Microsoft didn't have competition in the 90s. Apple has plenty of competition, they've just built up a competitive advantage which is their fully-integrated platform. Googles been trying to build one on the Pixel for years and haven't come close to their success.
Apples been doing this "next level of nefarious" since the App Store's introduction in iPhoneOS 3.0, and it's been fine up to this point, otherwise the platform (and consequentially the apps on these platform -- spotify) wouldn't have thrived the way it did.
What competition? Apple has a 87% market share amongst US teenage population[1], Epic's core gamer market. It's basically a monopoly amongst their core demographic which will grow up to be adults with jobs and paycheck and guess what they'll buy? More Apple. With <13% market share Android isn't even in the race.
I find it frustrating when people think something can't be a trust just because one can imagine hoops a consumer could jump through to find an alternative. Switching from iPhone to Android is onerous, and most users are locked into multi-year payments contracts for the device they have.
A healthy competitive environment should have 10+ options. The fact that two massive corporations have the entire space locked up is not sufficiently competitive nor healthy for consumers.
The previously existing competition should have competed rather than completely fucking up. Both Apple and Google started as complete underdogs in the phone market.

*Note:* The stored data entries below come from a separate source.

(* Moving cells realises the wreath product law, hence the displacement at 0
   satisfies the cocycle identity. *)
Lemma move_cell_comp x w1 w2 i : in_wreath G w1 -> in_wreath G w2 ->
  move_cell x (wmul w1 w2) i = move_cell x w1 (move_cell x w2 i).
Proof.
case: w1 => f1 g1; case: w2 => f2 g2 [/= Gg1 [_ fin1]] [/= Gg2 [_ fin2]].
rewrite /move_cell /=; case: ifP => inc; last by rewrite inc.
have [vs _] := cell_encode inc.
set s := cell_site x i; set t2 := site_act x g2 s.
have vt2 : is_block x t2.1 by apply: site_act_block.
have [inc2 -> ->] := cell_decode (cell_value x i + lamp_sum x f2 t2) vt2.
rewrite inc2 (site_act_comp Gg1 Gg2 vs) -/t2 lamp_sumD //; last exact: translate_finite Gg1 fin2.
by rewrite lamp_sum_act // [lamp_sum x f1 _ + _]addrC addrA.
Qed.

Lemma disp_comp x w1 w2 : in_wreath G w1 -> in_wreath G w2 ->
  disp (wmul w1 w2) x = disp w2 x + disp w1 (shift (disp w2 x) x).
Proof.
move=> h1 h2; rewrite /disp move_cell_comp //.
by have := move_cell_shift x (disp w2 x) w1 0; rewrite add0r /disp => <-; ring.
Qed.

Lemma disp_id x : disp ((fun _ => 0), id) x = 0.
Proof.
rewrite /disp /move_cell /=; case: ifP => // inc.
rewrite site_act_id (_ : lamp_sum _ _ _ = 0) ?addr0; first exact: (cell_encode inc).2.
by apply: fsbig1 => h _; rewrite if_same.
Qed.

End Model.

(* Continuity of the displacement *)

Lemma common_bound (T : eqType) (Q : T -> nat -> Prop) (l : seq T) :
  (forall h R R', (R <= R')%N -> Q h R -> Q h R') ->
  (forall h, h \in l -> exists R, Q h R) -> exists R, forall h, h \in l -> Q h R.
Proof.
move=> mono; elim: l => [|h l ih] hl; first by exists 0%N.
have [R1 q1] := hl h (mem_head _ _).
have [R2 q2] : exists R, forall h, h \in l -> Q h R.
  by apply: ih => h' h'l; apply: hl; rewrite inE h'l orbT.
exists (maxn R1 R2) => h'; rewrite inE => /orP [/eqP ->|h'l].
- by apply: (mono _ R1) => //; apply: leq_maxl.
- by apply: (mono _ R2) => //; [apply: leq_maxr | apply: q2].
Qed.
(* Let $G$ be a finite group, let $H$ be a subgroup of $G$ with $[G:H]=r$, and let $D$ be a $(v,k,\lambda)$-difference set in $G$ with order $n=k-\lambda$. Suppose that some coset of $H$ contains exactly $s$ elements of $D$. Then \[ \left| s - \frac{k}{r} \right| \leq \sqrt{n}\,\frac{r-1}{r}. \]
   Context: For a finite group $G$ of order $v$ and a $k$-subset $D\subseteq G$ with $k\ge 1$, identify $D$ with the group ring element $\sum_{d\in D} d\in\mathbb{Z}G$, and for $a=\sum a_i g_i\in\mathbb{Z}G$ put $a^{(-1)}=\sum a_i g_i^{-1}$. $D$ is a $(v,k,\lambda)$-difference set in $G$ if $DD^{(-1)}=\lambda G+n\cdot 1$ in $\mathbb{Z}G$, where $n=k-\lambda$ (the order of $D$); equivalently every non-identity element of $G$ can be written as $d_1d_2^{-1}$ with $d_1,d_2\in D$ in exactly $\lambda$ ways. *)

From mathcomp Require Import all_boot all_order all_algebra all_fingroup.
Set Implicit Arguments. Unset Strict Implicit. Unset Printing Implicit Defensive.
Import GroupScope.

Definition difference_set (gT : finGroupType) (G : {group gT}) (D : {set gT})
    (v k lambda : nat) : Prop :=
  [/\ D \subset G, #|G| = v, #|D| = k, (1 <= k)%N &
      forall g, g \in G -> g != 1 ->
        #|[set p in setX D D | p.1 * p.2^-1 == g]| = lambda].

(* Let a_C = #|D :&: C| for the r right cosets C of H.  Counting pairs in D x D
   by their quotient d1 d2^-1 gives sum a_C = k and
   sum a_C^2 = #{(d1, d2) | d1 d2^-1 \in H} = k + lambda (#|H| - 1), which together
   with k^2 = k + lambda (v - 1) says that r sum a_C^2 = k^2 + (r - 1) n.
   Cauchy-Schwarz over the remaining r - 1 cosets then bounds the deviation of a
   single a_C from the mean k / r. *)

From mathcomp Require Import all_boot all_order all_algebra all_fingroup.
From mathcomp Require Import ring.
Local Open Scope ring_scope.
Import Order.TTheory GRing.Theory Num.Theory.

Lemma sqr_sum_le_card_sum_sqr {R : realDomainType} {I : finType} (A : {set I})
    (x : I -> R) :
  (\sum_(i in A) x i) ^+ 2 <= #|A|%:R * \sum_(i in A) x i ^+ 2.
Proof.
set m : R := #|A|%:R; set S := \sum_(i in A) x i.
have variance : \sum_(i in A) (m * x i - S) ^+ 2 = m * (m * \sum_(i in A) x i ^+ 2 - S ^+ 2).
  rewrite (eq_bigr (fun i => m ^+ 2 * x i ^+ 2 - 2 * m * S * x i + S ^+ 2));
    last by move=> i _; ring.
  rewrite big_split sumrB /= -!mulr_sumr sumr_const -/S -/m -mulr_natl; ring.
have [/cards0_eq A0 | A_gt0] := posnP #|A|.
  by rewrite /S /m A0 cards0 big_set0 expr2 !mul0r.
have : 0 <= m * (m * \sum_(i in A) x i ^+ 2 - S ^+ 2).
  by rewrite -variance; apply: sumr_ge0 => i _; apply: sqr_ge0.
by rewrite pmulr_rge0 ?subr_ge0 // /m ltr0n.
Qed.

(* The hypothesis on the sum of squares fixes the variance of the family to
   (r - 1) n / r^2; no single entry can then stray further than sqrt n (r - 1) / r. *)
Lemma entry_mean_deviation_le {R : rcfType} {I : finType} {T : {set I}} (a : I -> R)
    {c : I} {r : nat} {k n : R} :
  c \in T -> #|T| = r -> \sum_(i in T) a i = k ->
  r%:R * \sum_(i in T) a i ^+ 2 = k ^+ 2 + (r%:R - 1) * n ->
  `|a c - k / r%:R| <= Num.sqrt n * ((r%:R - 1) / r%:R).
Proof.
move=> cT cardT sum_a sum_sqr.
have r_gt0 : (0 < r)%N by rewrite -cardT card_gt0; apply/set0Pn; exists c.
have r1_ge0 : 0 <= r%:R - 1 :> R by rewrite subr_ge0 ler1n.
have card_rest : #|T :\ c|%:R = r%:R - 1 :> R.
  by rewrite -cardT (cardsD1 c T) cT add1n -addn1 natrD addrK.
have cs_rest := sqr_sum_le_card_sum_sqr (T :\ c) a.
rewrite card_rest !(big_setD1 c cT) /= in cs_rest sum_a sum_sqr.
set w := r%:R * a c - k.
have w_sqr : w ^+ 2 <= (r%:R - 1) ^+ 2 * n.
  rewrite -subr_ge0; move: cs_rest; rewrite -subr_ge0 => cs_rest.
  have -> : (r%:R - 1) ^+ 2 * n - w ^+ 2 =
      r%:R * ((r%:R - 1) * \sum_(i in T :\ c) a i ^+ 2 - (\sum_(i in T :\ c) a i) ^+ 2).
    have n_r1 : (r%:R - 1) * n =
        r%:R * (a c ^+ 2 + \sum_(i in T :\ c) a i ^+ 2) - (a c + \sum_(i in T :\ c) a i) ^+ 2.
      by rewrite sum_sqr sum_a addrAC subrr add0r.
    by rewrite /w -sum_a expr2 -mulrA n_r1; ring.
  by rewrite mulr_ge0 ?ler0n.
have -> : a c - k / r%:R = w / r%:R by rewrite /w; field; rewrite pnatr_eq0 -lt0n.
rewrite normrM normfV normr_nat mulrA ler_pM2r ?invr_gt0 ?ltr0n //.
rewrite -sqrtr_sqr -[r%:R - 1]ger0_norm // -sqrtr_sqr mulrC -sqrtrM ?sqr_ge0 //.
exact: ler_wsqrtr.
Qed.

Local Open Scope group_scope.

Definition quotient_pairs {gT : finGroupType} (D A : {set gT}) :=
  [set p in setX D D | p.1 * p.2^-1 \in A].

Lemma card_quotient_pairs_fibres (gT : finGroupType) (D A : {set gT}) :
  #|quotient_pairs D A| = (\sum_(h in A) #|quotient_pairs D [set h]|)%N.
Proof.
rewrite -sum1_card (partition_big (fun p => p.1 * p.2^-1) (mem A)) /=; last first.
  by move=> p; rewrite inE => /andP[].
apply: eq_bigr => h Ah; rewrite sum1dep_card; apply: eq_card => p.
by rewrite !inE; case: eqP => [-> | _]; rewrite ?Ah ?andbT ?andbF.
Qed.

Lemma card_quotient_pairs1 (gT : finGroupType) (D : {set gT}) :
  #|quotient_pairs D [set 1]| = #|D|.
Proof.
rewrite -(card_imset D (f := fun d => (d, d))); last by move=> x y [].
apply: eq_card => -[x y]; rewrite !inE /= -eq_mulgV1.
apply/idP/imsetP => [/andP[/andP[Dx _] /eqP <-] | [d Dd [-> ->]]]; first by exists x.
by rewrite Dd eqxx.
Qed.

Section RightCosets.

Context {gT : finGroupType} {G H : {group gT}} {D : {set gT}}.
Hypothesis sDG : D \subset G.

Lemma mem_rcosets_eq d {C} : C \in rcosets H G -> (d \in C) = (H :* d == C).
Proof. by case/rcosetsP=> x _ ->; apply/idP/eqP=> [/rcoset_eqP | <-]; rewrite ?rcoset_refl. Qed.

Lemma rcoset_in_rcosets {x} : x \in G -> H :* x \in rcosets H G.
Proof. by move=> Gx; apply/rcosetsP; exists x. Qed.

Lemma sum_card_setI_rcosets : (\sum_(C in rcosets H G) #|D :&: C|)%N = #|D|.
Proof.
rewrite -[RHS]sum1_card (partition_big (fun d => H :* d) (mem (rcosets H G))) /=; last first.
  by move=> d Dd; apply/rcoset_in_rcosets/(subsetP sDG).
apply: eq_bigr => C GC; rewrite sum1dep_card; apply: eq_card => d.
by rewrite !inE (mem_rcosets_eq d GC).
Qed.

Lemma sum_sqr_card_setI_rcosets :
  (\sum_(C in rcosets H G) #|D :&: C| ^ 2)%N = #|quotient_pairs D H|.
Proof.
rewrite -[RHS]sum1_card
  (partition_big (fun p => H :* p.1) (mem (rcosets H G))) /=; last first.
  by move=> p; rewrite !inE => /andP[/andP[Dx _] _]; apply/rcoset_in_rcosets/(subsetP sDG).
apply: eq_bigr => C GC; rewrite sum1dep_card -mulnn -cardsX; apply: eq_card => -[x y].
rewrite !inE /= !(mem_rcosets_eq _ GC); case: eqP => [<- | _]; last by rewrite !andbF.
by rewrite eq_sym (sameP eqP rcoset_eqP) mem_rcoset !andbT andbA.
Qed.

End RightCosets.

Section DifferenceSet.

Context {gT : finGroupType} {G : {group gT}} {D : {set gT}} {v k lambda : nat}.
Hypothesis difD : difference_set G D v k lambda.

Lemma card_quotient_pairs_subgroup {K : {group gT}} :
  K \subset G -> (#|quotient_pairs D K| + lambda = k + lambda * #|K|)%N.
Proof.
move=> sKG; have [_ _ cardD _ fibres] := difD.
rewrite card_quotient_pairs_fibres (bigD1 1) //= card_quotient_pairs1 cardD.
rewrite (eq_bigr (fun _ => lambda)); last first.
  move=> h /andP[Kh nt_h]; rewrite -(fibres h) ?(subsetP sKG) //.
  by apply: eq_card => p; rewrite !inE.
rewrite sum_nat_const (cardsD1 1 K) group1.
have -> : #|[pred h in K | h != 1]| = #|K :\ 1| by apply: eq_card => h; rewrite !inE andbC.
by rewrite mulnC mulnDr muln1 addnAC addnA.
Qed.

Lemma card_quotient_pairs_group : #|quotient_pairs D G| = (k * k)%N.
Proof.
have [sDG _ cardD _ _] := difD.
rewrite -cardD -cardsX; apply: eq_card => -[x y]; rewrite !inE /=.
by case: (x \in D) (y \in D) (subsetP sDG x) (subsetP sDG y) => [] [] // Gx Gy;
  rewrite groupM ?groupV ?Gx ?Gy.
Qed.

End DifferenceSet.

Lemma lcoset_rcosetJ (gT : finGroupType) (H : {set gT}) (x : gT) :
  x *: H = (H :^ x^-1) :* x.
Proof. by apply/setP=> y; rewrite mem_lcoset mem_rcoset mem_conjgV conjgE mulgKV. Qed.

Local Close Scope group_scope.

Lemma rcoset_meet_deviation_le (R : rcfType) {gT : finGroupType} {G H : {group gT}}
    {D : {set gT}} {v k lambda r : nat} {x : gT} :
  H \subset G -> #|G : H|%g = r -> difference_set G D v k lambda -> x \in G ->
  `|(#|D :&: (H :* x)|%g%:R - k%:R / r%:R : R)| <=
    Num.sqrt (k%:R - lambda%:R : R) * ((r%:R - 1) / r%:R).
Proof.
move=> sHG indexGH difD Gx; have [sDG _ cardD _ _] := difD.
apply: (entry_mean_deviation_le (fun C => #|D :&: C|%:R) (rcoset_in_rcosets Gx) indexGH).
  by rewrite -natr_sum sum_card_setI_rcosets // cardD.
under eq_bigr do rewrite -natrX.
rewrite -natr_sum sum_sqr_card_setI_rcosets //.
have := congr1 (fun m => m%:R : R) (card_quotient_pairs_subgroup difD sHG).
have := congr1 (fun m => m%:R : R) (card_quotient_pairs_subgroup difD (subxx G)).
rewrite /= (card_quotient_pairs_group difD) -(Lagrange sHG) indexGH !natrD !natrM.
move=> /(canRL (addrK _)) sqr_k /(canRL (addrK _)) ->.
by rewrite expr2 sqr_k; ring.
Qed.

Theorem theorem1p1 (R : rcfType) (gT : finGroupType) (G H : {group gT})
    (D : {set gT}) (v k lambda r s : nat) :
  H \subset G -> (#|G : H|)%g = r ->
  difference_set G D v k lambda ->
  (exists2 x, x \in G &
     (#|D :&: (x *: H)|)%g = s \/ (#|D :&: (H :* x)|)%g = s) ->
  `|(s%:R - k%:R / r%:R : R)| <=
    Num.sqrt (k%:R - lambda%:R : R) * ((r%:R - 1) / r%:R).
Proof.
move=> sHG indexGH difD [x Gx [<- | <-]];
  last exact: (rcoset_meet_deviation_le R sHG indexGH difD Gx).
have Gx' : (x^-1 \in G)%g by rewrite groupV.
have sHxG : (H :^ x^-1)%G \subset G by rewrite -(conjGid Gx') conjSg.
have indexGHx : #|G : (H :^ x^-1)%G|%g = r by rewrite -{1}(conjGid Gx') indexJg.
by rewrite lcoset_rcosetJ; exact: (rcoset_meet_deviation_le R sHxG indexGHx difD Gx).
Qed.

Many current Android manufacturers used to built phones running their own platforms or Windows Mobile. Symbian, Windows Mobile, PalmOS, and BlackBerry all died not because Apple or Google somehow hamstrung them but because they sucked compared to what Apple and Google were selling.
I agree that would have been nice. But that is not the consumer's fault; it is however in the consumer's interest to have strong antitrust laws which restore a competitive environment.
I think what Apple is doing is more similar to Nintendo I the 80s with their "seal of quality".
There where a couple of companies that circumvented their security mechanisms and went to court. Was that wrong of Nintendo?
My opinion is that, as long as people keep buying and using it, Apple can do whatever they want in their platforms.
They will change when most app devs coordinately delete their apps from the store, in a mass "strike" or when customers stop paying for their shitty phones.
> They will change when most app devs coordinately delete their apps from the store, in a mass "strike" or when customers stop paying for their shitty phones.
(Android user here.)
Apple doesn't make shitty phones, far from it. Solid build quality, performance and stability across the board... there are very few Android devices that can compete with Apple and almost all come from Samsung.
Since Epic is fighting Apple, let’s overlook the fact it is charged by the FTC for using dark patterns to sell virtual costumes for billions; an interesting choice for a champion of consumer rights.
It's hard to compare anything else to MS in the 90's because Windows (and Excel) had 90%+ marketshare. MS was able to strong arm companies into doing what they wanted by threatening to withhold Windows licenses.
The MS case and recently lost Google case are closer to each other than anything going on with Apple.
Apples been doing this "next level of nefarious" since the App Store's introduction in iPhoneOS 3.0, and it's been fine up to this point, otherwise the platform (and consequentially the apps on these platform -- spotify) wouldn't have thrived the way it did.